Directly to the subtitles styleguide

Congress is over, and now it's the time to create something persistent. We'd like to create subtitles for all Congress Talks. Ideally both in native language and a German/English translation (or even other languages) provided we find enough volunteers. Here we also need you help.

From our first experiences:

New: If there are talks waiting for quality checks, consider to start doing that before doing new transcriptions of other talks. You will get a better feeling what you need to be aware of, when transcribing. But still:

Please read this manual carefully!

Please do never click on “Publish” button in Amara, before the transcription of the talk is done completely!

Please do not start with any translation of the talk or any timing (do no timing manually at all!), as long as the transcription in original language of the talk is not done completely!

Please do not click on “Finish transcribing” in the subtitles interface, before the transcription of the talk is done completely!

Please only use the Amara-Links generated by our Subtitle-Interface. We can only link subtitles created there.
Do not create own Video-Links on Amara or use links of dubious YouTube accounts if you want your subtitles to find their way in to the CDN!
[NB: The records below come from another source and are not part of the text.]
Lemma dotv_le_norm2 u v : dotv u v <= norm2 u * norm2 v.
Proof.
have [/eqP v0 | v0] := eqVneq (dotv v v) 0.
  by rewrite dotvv_eq0 in v0; rewrite (eqP v0) dotvC dotv0l mulr_ge0 ?norm2_ge0.
have vv_gt0 : 0 < dotv v v by rewrite lt_def v0 dotvv_ge0.
(* expanding [dotv w w >= 0] for [w := <v,v> u - <u,v> v] *)
have := dotvv_ge0 (dotv v v *: u - dotv u v *: v).
rewrite !(dotvBl, dotvBr, dotvZl, dotvZr) (dotvC v u).
have -> : dotv v v * (dotv v v * dotv u u - dotv u v * dotv u v) -
    dotv u v * (dotv v v * dotv u v - dotv u v * dotv v v) =
    dotv v v * (dotv u u * dotv v v - dotv u v ^+ 2) by ring.
rewrite pmulr_rge0 // subr_ge0 -!sqr_norm2 -exprMn -(real_normK (num_real _)) => uv_sqr.
apply: le_trans (ler_norm _) _.
by rewrite -(ler_pXn2r (_ : 0 < 2)%N) ?nnegrE ?mulr_ge0 ?norm2_ge0.
Qed.

Lemma norm2D_le u v : norm2 (u + v) <= norm2 u + norm2 v.
Proof.
rewrite -(ler_pXn2r (_ : 0 < 2)%N) ?nnegrE ?addr_ge0 ?norm2_ge0 //.
rewrite sqr_norm2 !(dotvDl, dotvDr) (dotvC v u) sqrrD -!sqr_norm2.
have := dotv_le_norm2 u v; lra.
Qed.

Lemma norm2_subgradient u v :
  norm2 u + dotv ((norm2 u)^-1 *: u) (v - u) <= norm2 v.
Proof.
have [->|u0] := eqVneq (norm2 u) 0; first by rewrite invr0 scale0r dotv0l addr0 norm2_ge0.
rewrite dotvBr !dotvZl -sqr_norm2 expr2 mulrA mulVf // mul1r.
have : (norm2 u)^-1 * dotv u v <= norm2 v.
  by rewrite mulrC ler_pdivrMr ?lt_def ?u0 ?norm2_ge0 // mulrC dotv_le_norm2.
lra.
Qed.

Definition convexv (g : 'rV[R]_k -> R) :=
  forall u v (t : R), 0 <= t <= 1 -> g (u + t *: (v - u)) <= (1 - t) * g u + t * g v.

End EuclideanGeometry.

Lemma ler_of_forall_le_addM01 (R : realFieldType) (a b c : R) :
  0 <= b -> (forall t, 0 < t <= 1 -> a <= c + t * b) -> a <= c.
Proof.
move=> b_ge0 Hab; rewrite leNgt; apply/negP => lt_ca.
pose t := (a - c) / (b + (a - c)).
have den_gt0 : 0 < b + (a - c) by lra.
have t_gt0 : 0 < t by rewrite divr_gt0 // subr_gt0.
have t_le1 : t <= 1 by rewrite ler_pdivrMr // mul1r; lra.
have tb_lt : t * b < a - c by rewrite mulrAC ltr_pdivrMr //; nra.
have := Hab t; rewrite t_gt0 t_le1 => /(_ isT); lra.
Qed.

Lemma prox_variational_ineq (R : realType) k (lam1 lam2 : R)
    (g : 'rV[R]_k -> R) (z u : 'rV[R]_k) :
  0 <= lam1 -> 0 <= lam2 -> convexv g ->
  (forall y, lam1 / 2 * norm2 (z - u) ^+ 2 + lam2 * g u
             <= lam1 / 2 * norm2 (z - y) ^+ 2 + lam2 * g y) ->
  forall y, lam1 * dotv (z - u) (y - u) <= lam2 * (g y - g u).
Proof.
move=> lam1_ge0 lam2_ge0 g_cvx u_min y.
apply: (@ler_of_forall_le_addM01 _ _ (lam1 / 2 * dotv (y - u) (y - u))).
  by rewrite mulr_ge0 ?divr_ge0 ?dotvv_ge0.
move=> t /andP[t_gt0 t_le1].
have := u_min (u + t *: (y - u)).
have -> : z - (u + t *: (y - u)) = (z - u) - t *: (y - u) by rewrite opprD addrA.
rewrite !sqr_norm2_sub_scale sqr_norm2.
have := ler_wpM2l lam2_ge0 (g_cvx u y t _); rewrite ltW //= t_le1 => /(_ isT).
nra.
Qed.

Lemma subdiff_nneg_sum (R : realType) k (I : finType) (A : {pred I})
    (c : I -> R) (f : I -> 'rV[R]_k -> R) (v : I -> 'rV[R]_k) x :
  (forall i, i \in A -> 0 <= c i) ->
  (forall i, i \in A -> v i \in subdiff (f i) x) ->
  \sum_(i in A) c i *: v i \in subdiff (fun y => \sum_(i in A) c i * f i y) x.
Proof.
move=> c_ge0 v_sub; rewrite inE => y /=.
rewrite (big_morph (fun w => dotv w (y - x)) (fun u v => dotvDl u v (y - x)) (dotv0l _)).
rewrite -big_split /=; apply: ler_sum => i Ai.
rewrite dotvZl -mulrDr ler_wpM2l ?c_ge0 //.
by have := v_sub i Ai; rewrite inE; apply.
Qed.

Section Vectorization.
Variables (R : realType) (T p : nat).
Implicit Types (A B U : 'M[R]_(T, p)) (x y : 'rV[R]_(T * p)).

Lemma dotv_mxvec A B : dotv (mxvec A) (mxvec B) = \sum_m dotv (row m A) (row m B).
Proof.
rewrite /dotv (reindex (uncurry (@mxvec_index T p))) /=; last exact: curry_mxvec_bij.
rewrite pair_big_dep /=.
by apply: eq_bigr => -[i j] _; rewrite /= !mxvecE !mxE.
Qed.

Lemma sqr_norm2_mxvec A : norm2 (mxvec A) ^+ 2 = \sum_m norm2 (row m A) ^+ 2.
Proof. by rewrite sqr_norm2 dotv_mxvec; apply: eq_bigr => m _; rewrite sqr_norm2. Qed.

Lemma sum_indicator_mul (I : finType) (a : I) (F : I -> R) :
  \sum_i (i == a)%:R * F i = F a.
Proof. by rewrite (bigD1 a) //= eqxx mul1r big1 ?addr0 // => i /negbTE ->; rewrite mul0r. Qed.

(* [pair_mx i j s] is the adjoint of [U |-> row i U - row j U] applied to [s]. *)
Definition pair_mx (i j : 'I_T) (s : 'rV[R]_p) : 'M[R]_(T, p) :=
  \matrix_(m, l) (((m == i)%:R - (m == j)%:R) * s 0 l).

Lemma dotv_pair_mx i j s B :
  \sum_m dotv (row m (pair_mx i j s)) (row m B) = dotv s (row i B - row j B).
Proof.
have row_pair m : row m (pair_mx i j s) = ((m == i)%:R - (m == j)%:R) *: s.
  by apply/rowP => l; rewrite !mxE.
under eq_bigr => m _ do rewrite row_pair dotvZl mulrBl.
by rewrite sumrB !sum_indicator_mul dotvBr.
Qed.

Lemma subdiff_norm2_pair i j x (d := row i (vec_mx x) - row j (vec_mx x)) :
  mxvec (pair_mx i j ((norm2 d)^-1 *: d))
    \in subdiff (fun y => norm2 (row i (vec_mx y) - row j (vec_mx y))) x.
Proof.
rewrite inE => y /=.
rewrite -[y - x]vec_mxK dotv_mxvec dotv_pair_mx.
have -> : row i (vec_mx (y - x)) - row j (vec_mx (y - x))
          = (row i (vec_mx y) - row j (vec_mx y)) - d.
  by apply/rowP => l; rewrite /d !linearB /= !mxE; ring.
exact: norm2_subgradient.
Qed.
If you have any questions, please join us in IRC!

Thank you!

In short, how is a subtitle made

This is how our current process roughly looks like at the moment:

  • We: Provide all necessary data in the database and create the amara links and the etherpad
  • We: Fill the etherpad with the auto timed transcript
  • You: Use for example www.otranscribe.com to work on the transcript in the pad and to format it according to our styleguide.
  • You: Click the “Finished Transcribing” button on the corresponding page of the talk on www.c3subtitels.de if a transcript is finished.
  • We: Format and auto time the transcript
  • We: Upload the transcript with the timestamps to amara
  • You: Watch the talk in the amara interface and click “Publish” in amara when the talk is finished.

Situation

The subtitles created live can rarely be used to create subtitle-tracks. Most of the time their quality is to poor as that they would save you any time. Creating clean recording-quality subtitles from scratch is usually faster.

Should there be a Talk where that's not the case and you remember a especially good live subtitle please write a mail to subtitles -!-at-!- c3voc.de.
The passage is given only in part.